- Task statement:
Produce a perfect copy of the listing, matching each line.

◇ ◇ ◇ ◇ ◇ ◇ ◇

Lemma inC_coinv X : inC delta tau X -> teq3 (coact2 delta X) (tens1 H X).
Proof.
move=> X_inC U g g_trilin; have [g_lin1 [g_lin2 _]] := g_trilin.
have g_bilin v w : bilin (fun u k => g v (w * u) k).
  exact/bilin_comp_mull/trilin_bilin.
(* f = g \o (id (x) chi) *)
pose f a x y := \sum_(r <- delta y) g a (x * r.1) r.2.
have f_trilin : trilin f.
  split; [|split] => [w z|v z|v w]; first by apply: lin_sum => r; apply: g_lin1.
    by apply: lin_sum => r; apply: (lin_comp_mulr (f := g v ^~ r.2)).
  move=> a x y; rewrite /f (delta_lin a x y (g_bilin v w)) big_cat big_map /=.
  rewrite scaler_sumr; congr (_ + _).
  by apply: eq_bigr => r _; rewrite -scalerAr (linZ (g_lin2 _ _)).
have f_bal b a x y : coinv delta b -> f a (x * b) y = f a x (b * y).
  move=> b_coinv; rewrite /f (sum_delta_coinv_mul (G := fun u k => g a (x * u) k)) //.
  by apply: eq_bigr => r _; rewrite mulrA.
have := X_inC U f f_trilin f_bal; rewrite sum_inC_lhs sum_coact2 /tens1 big_map => X_eq.
transitivity (\sum_(p <- X) \sum_(q <- delta p.1) \sum_(t <- tau q.2)
                f q.1 t.1 (t.2 * p.2)).
  apply: eq_bigr => p _; apply: eq_bigr => q _.
  by rewrite (sum_chi_tau_mulr (G := g q.1)) //; apply: trilin_bilin.
rewrite X_eq big_map; apply: eq_bigr => p _.
by rewrite /f (delta1 (g_bilin p.1 p.2)) big_seq1 /= mulr1.
Qed.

◇ ◇ ◇ ◇ ◇ ◇ ◇

- Solution to this problem:
Lemma inC_coinv X : inC delta tau X -> teq3 (coact2 delta X) (tens1 H X).
Proof.
move=> X_inC U g g_trilin; have [g_lin1 [g_lin2 _]] := g_trilin.
have g_bilin v w : bilin (fun u k => g v (w * u) k).
  exact/bilin_comp_mull/trilin_bilin.
(* f = g \o (id (x) chi) *)
pose f a x y := \sum_(r <- delta y) g a (x * r.1) r.2.
have f_trilin : trilin f.
  split; [|split] => [w z|v z|v w]; first by apply: lin_sum => r; apply: g_lin1.
    by apply: lin_sum => r; apply: (lin_comp_mulr (f := g v ^~ r.2)).
  move=> a x y; rewrite /f (delta_lin a x y (g_bilin v w)) big_cat big_map /=.
  rewrite scaler_sumr; congr (_ + _).
  by apply: eq_bigr => r _; rewrite -scalerAr (linZ (g_lin2 _ _)).
have f_bal b a x y : coinv delta b -> f a (x * b) y = f a x (b * y).
  move=> b_coinv; rewrite /f (sum_delta_coinv_mul (G := fun u k => g a (x * u) k)) //.
  by apply: eq_bigr => r _; rewrite mulrA.
have := X_inC U f f_trilin f_bal; rewrite sum_inC_lhs sum_coact2 /tens1 big_map => X_eq.
transitivity (\sum_(p <- X) \sum_(q <- delta p.1) \sum_(t <- tau q.2)
                f q.1 t.1 (t.2 * p.2)).
  apply: eq_bigr => p _; apply: eq_bigr => q _.
  by rewrite (sum_chi_tau_mulr (G := g q.1)) //; apply: trilin_bilin.
rewrite X_eq big_map; apply: eq_bigr => p _.
by rewrite /f (delta1 (g_bilin p.1 p.2)) big_seq1 /= mulr1.
Qed.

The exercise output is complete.